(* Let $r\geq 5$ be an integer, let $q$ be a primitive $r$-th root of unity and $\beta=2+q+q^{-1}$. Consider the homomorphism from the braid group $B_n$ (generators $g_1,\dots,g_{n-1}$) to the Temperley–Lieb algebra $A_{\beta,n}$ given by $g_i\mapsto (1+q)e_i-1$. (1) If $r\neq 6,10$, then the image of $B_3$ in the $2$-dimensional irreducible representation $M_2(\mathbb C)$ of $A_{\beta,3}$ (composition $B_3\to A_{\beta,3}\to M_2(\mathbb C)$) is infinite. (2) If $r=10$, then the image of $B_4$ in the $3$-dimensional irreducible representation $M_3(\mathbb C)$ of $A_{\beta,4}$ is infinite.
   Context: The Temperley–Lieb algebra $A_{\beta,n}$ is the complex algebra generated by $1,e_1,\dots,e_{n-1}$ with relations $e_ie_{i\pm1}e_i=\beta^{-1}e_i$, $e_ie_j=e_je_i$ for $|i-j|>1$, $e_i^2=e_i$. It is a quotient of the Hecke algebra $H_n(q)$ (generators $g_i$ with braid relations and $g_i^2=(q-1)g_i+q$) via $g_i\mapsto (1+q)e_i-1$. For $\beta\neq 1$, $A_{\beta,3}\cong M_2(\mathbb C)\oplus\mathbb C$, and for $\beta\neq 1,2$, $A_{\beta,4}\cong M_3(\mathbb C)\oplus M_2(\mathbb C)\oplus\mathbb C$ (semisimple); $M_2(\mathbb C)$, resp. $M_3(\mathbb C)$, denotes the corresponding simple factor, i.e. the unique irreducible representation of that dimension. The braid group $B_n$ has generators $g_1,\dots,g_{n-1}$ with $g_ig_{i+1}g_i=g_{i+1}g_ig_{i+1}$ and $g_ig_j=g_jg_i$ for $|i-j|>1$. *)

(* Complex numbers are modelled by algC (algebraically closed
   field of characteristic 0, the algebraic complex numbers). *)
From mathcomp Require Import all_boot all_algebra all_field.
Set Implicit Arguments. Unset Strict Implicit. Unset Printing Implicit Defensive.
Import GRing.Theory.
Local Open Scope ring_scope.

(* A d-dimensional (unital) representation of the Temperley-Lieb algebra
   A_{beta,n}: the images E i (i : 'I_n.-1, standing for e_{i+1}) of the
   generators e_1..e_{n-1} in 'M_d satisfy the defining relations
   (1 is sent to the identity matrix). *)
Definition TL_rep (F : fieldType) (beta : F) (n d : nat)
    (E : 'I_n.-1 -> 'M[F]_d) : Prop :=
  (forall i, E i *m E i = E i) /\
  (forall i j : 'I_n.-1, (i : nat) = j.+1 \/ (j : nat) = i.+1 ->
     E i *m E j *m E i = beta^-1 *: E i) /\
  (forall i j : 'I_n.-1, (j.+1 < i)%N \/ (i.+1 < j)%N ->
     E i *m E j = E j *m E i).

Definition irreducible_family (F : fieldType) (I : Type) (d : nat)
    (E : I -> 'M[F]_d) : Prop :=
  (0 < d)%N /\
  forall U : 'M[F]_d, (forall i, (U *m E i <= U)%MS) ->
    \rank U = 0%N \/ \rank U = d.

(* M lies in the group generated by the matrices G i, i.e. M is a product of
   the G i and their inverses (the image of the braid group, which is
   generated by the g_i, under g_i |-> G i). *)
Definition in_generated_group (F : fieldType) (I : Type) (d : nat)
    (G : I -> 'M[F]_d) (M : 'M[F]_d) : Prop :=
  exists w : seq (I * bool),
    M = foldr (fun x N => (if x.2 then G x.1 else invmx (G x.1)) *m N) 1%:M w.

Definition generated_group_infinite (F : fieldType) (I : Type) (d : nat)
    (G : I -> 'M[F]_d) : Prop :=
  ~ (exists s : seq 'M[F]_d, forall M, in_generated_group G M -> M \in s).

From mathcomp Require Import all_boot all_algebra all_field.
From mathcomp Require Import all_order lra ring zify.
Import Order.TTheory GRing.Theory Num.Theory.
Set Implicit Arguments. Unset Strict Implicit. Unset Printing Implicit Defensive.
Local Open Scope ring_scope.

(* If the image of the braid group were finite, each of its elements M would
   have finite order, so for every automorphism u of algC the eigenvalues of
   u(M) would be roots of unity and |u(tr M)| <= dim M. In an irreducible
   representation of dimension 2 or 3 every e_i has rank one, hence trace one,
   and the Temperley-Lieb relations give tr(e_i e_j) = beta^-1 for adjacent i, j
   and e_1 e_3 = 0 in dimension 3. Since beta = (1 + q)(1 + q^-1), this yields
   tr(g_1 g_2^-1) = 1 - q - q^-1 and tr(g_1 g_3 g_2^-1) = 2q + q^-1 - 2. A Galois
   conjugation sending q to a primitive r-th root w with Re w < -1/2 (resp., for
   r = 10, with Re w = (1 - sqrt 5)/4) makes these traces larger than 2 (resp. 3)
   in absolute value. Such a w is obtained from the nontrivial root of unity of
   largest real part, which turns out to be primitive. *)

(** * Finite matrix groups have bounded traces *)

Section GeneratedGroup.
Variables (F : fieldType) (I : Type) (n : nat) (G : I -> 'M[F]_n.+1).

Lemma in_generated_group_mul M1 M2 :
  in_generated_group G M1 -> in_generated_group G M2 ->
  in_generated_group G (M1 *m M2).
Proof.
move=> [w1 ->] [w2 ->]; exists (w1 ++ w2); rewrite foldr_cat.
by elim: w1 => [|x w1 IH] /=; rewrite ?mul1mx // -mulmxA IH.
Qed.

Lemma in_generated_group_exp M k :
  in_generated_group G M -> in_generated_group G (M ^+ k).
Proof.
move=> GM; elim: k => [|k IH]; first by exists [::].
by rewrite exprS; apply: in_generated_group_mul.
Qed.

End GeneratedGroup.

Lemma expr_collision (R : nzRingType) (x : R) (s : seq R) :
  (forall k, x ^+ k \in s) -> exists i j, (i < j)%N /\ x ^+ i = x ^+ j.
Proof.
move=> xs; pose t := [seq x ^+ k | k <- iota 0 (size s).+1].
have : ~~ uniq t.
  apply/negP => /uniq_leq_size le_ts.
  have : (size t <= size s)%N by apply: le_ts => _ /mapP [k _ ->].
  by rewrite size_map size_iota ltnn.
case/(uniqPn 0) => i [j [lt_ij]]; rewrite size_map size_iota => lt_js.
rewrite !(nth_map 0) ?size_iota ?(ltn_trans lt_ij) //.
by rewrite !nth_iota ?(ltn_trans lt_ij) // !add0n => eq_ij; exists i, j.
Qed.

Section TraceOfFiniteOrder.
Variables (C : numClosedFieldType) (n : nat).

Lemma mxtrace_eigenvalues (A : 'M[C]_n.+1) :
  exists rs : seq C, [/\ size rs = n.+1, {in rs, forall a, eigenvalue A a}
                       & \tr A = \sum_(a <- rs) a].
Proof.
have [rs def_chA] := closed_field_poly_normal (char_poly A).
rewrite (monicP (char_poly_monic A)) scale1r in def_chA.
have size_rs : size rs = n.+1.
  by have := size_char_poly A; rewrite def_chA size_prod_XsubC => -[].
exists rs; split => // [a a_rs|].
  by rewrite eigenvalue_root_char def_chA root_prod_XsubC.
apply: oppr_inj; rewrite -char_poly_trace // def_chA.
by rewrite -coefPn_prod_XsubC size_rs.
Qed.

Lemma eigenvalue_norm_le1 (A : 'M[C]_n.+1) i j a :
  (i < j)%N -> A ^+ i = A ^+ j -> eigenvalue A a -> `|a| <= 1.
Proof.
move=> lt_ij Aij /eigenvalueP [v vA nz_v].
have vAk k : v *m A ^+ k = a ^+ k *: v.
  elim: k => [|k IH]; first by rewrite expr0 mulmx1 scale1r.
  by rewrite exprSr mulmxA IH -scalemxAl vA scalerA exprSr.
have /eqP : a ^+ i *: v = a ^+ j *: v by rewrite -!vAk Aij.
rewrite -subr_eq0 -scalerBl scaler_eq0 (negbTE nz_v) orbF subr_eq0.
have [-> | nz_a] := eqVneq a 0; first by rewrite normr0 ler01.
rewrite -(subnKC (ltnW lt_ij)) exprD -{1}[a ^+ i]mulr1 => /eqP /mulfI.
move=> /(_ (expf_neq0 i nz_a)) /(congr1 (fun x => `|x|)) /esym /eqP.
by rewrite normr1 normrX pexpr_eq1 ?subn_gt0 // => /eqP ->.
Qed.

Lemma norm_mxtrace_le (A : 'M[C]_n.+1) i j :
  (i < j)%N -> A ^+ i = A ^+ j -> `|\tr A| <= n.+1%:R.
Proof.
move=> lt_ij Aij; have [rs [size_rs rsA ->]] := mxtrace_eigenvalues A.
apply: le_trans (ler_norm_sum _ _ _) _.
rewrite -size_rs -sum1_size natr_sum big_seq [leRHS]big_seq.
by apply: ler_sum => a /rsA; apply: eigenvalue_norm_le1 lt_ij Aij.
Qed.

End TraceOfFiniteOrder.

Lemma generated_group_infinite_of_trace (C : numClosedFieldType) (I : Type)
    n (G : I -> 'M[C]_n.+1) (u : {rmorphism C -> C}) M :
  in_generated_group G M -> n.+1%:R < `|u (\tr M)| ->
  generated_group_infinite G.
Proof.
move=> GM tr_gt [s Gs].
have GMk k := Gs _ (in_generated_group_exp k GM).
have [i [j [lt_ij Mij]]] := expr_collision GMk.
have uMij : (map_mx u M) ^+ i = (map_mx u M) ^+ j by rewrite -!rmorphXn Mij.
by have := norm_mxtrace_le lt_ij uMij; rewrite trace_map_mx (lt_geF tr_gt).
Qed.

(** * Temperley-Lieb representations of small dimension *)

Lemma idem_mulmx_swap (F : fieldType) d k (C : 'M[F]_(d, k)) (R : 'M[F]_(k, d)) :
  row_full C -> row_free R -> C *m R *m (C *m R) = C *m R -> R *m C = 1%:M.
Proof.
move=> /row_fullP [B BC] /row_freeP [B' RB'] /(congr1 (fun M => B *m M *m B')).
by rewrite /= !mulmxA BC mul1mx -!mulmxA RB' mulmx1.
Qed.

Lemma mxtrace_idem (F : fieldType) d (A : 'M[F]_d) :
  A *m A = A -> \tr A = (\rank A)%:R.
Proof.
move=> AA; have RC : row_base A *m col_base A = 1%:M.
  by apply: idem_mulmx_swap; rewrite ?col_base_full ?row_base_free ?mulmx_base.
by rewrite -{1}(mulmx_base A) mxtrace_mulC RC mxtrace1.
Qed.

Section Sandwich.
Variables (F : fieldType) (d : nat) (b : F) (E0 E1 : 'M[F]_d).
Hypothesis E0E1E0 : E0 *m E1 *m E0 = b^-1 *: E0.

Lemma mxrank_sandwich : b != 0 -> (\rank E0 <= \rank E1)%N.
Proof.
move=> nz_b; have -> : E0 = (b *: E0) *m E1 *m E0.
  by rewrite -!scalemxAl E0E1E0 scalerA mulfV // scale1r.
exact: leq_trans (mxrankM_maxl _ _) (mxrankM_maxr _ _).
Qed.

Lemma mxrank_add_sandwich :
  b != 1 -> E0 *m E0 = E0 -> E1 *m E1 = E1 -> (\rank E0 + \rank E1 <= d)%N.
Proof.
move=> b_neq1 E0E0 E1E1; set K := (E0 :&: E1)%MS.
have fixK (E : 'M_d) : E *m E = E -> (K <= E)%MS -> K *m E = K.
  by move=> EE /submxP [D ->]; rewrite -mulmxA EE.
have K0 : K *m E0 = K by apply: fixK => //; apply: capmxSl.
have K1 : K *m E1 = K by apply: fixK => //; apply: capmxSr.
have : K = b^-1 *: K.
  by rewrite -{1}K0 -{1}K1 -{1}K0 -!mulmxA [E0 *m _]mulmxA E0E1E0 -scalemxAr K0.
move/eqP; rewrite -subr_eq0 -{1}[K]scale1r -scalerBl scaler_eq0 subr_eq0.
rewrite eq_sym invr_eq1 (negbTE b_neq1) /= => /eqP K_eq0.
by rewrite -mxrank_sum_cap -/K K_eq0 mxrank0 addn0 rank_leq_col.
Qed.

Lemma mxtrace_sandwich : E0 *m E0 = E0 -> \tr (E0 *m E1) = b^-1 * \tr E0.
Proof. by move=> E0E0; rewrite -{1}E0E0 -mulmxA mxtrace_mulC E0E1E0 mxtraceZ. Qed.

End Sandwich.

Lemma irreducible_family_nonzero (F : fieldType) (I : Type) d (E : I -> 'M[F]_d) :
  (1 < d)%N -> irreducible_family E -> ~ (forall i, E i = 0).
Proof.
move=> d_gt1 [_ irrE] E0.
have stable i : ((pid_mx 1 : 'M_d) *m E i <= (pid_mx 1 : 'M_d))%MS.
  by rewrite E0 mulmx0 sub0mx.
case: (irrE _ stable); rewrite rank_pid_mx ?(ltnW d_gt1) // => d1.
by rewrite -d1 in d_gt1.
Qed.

===

- _ASSIGNMENT_
Nothing should appear in the answer except the lines above from the line with "have vAk k : v *m A ^+ k = a ^+ k *: v." through the line with "rewrite -subr_eq0 -scalerBl", both included, written out exactly.

- _REPLY_
have vAk k : v *m A ^+ k = a ^+ k *: v.
  elim: k => [|k IH]; first by rewrite expr0 mulmx1 scale1r.
  by rewrite exprSr mulmxA IH -scalemxAl vA scalerA exprSr.
have /eqP : a ^+ i *: v = a ^+ j *: v by rewrite -!vAk Aij.
rewrite -subr_eq0 -scalerBl scaler_eq0 (negbTE nz_v) orbF subr_eq0.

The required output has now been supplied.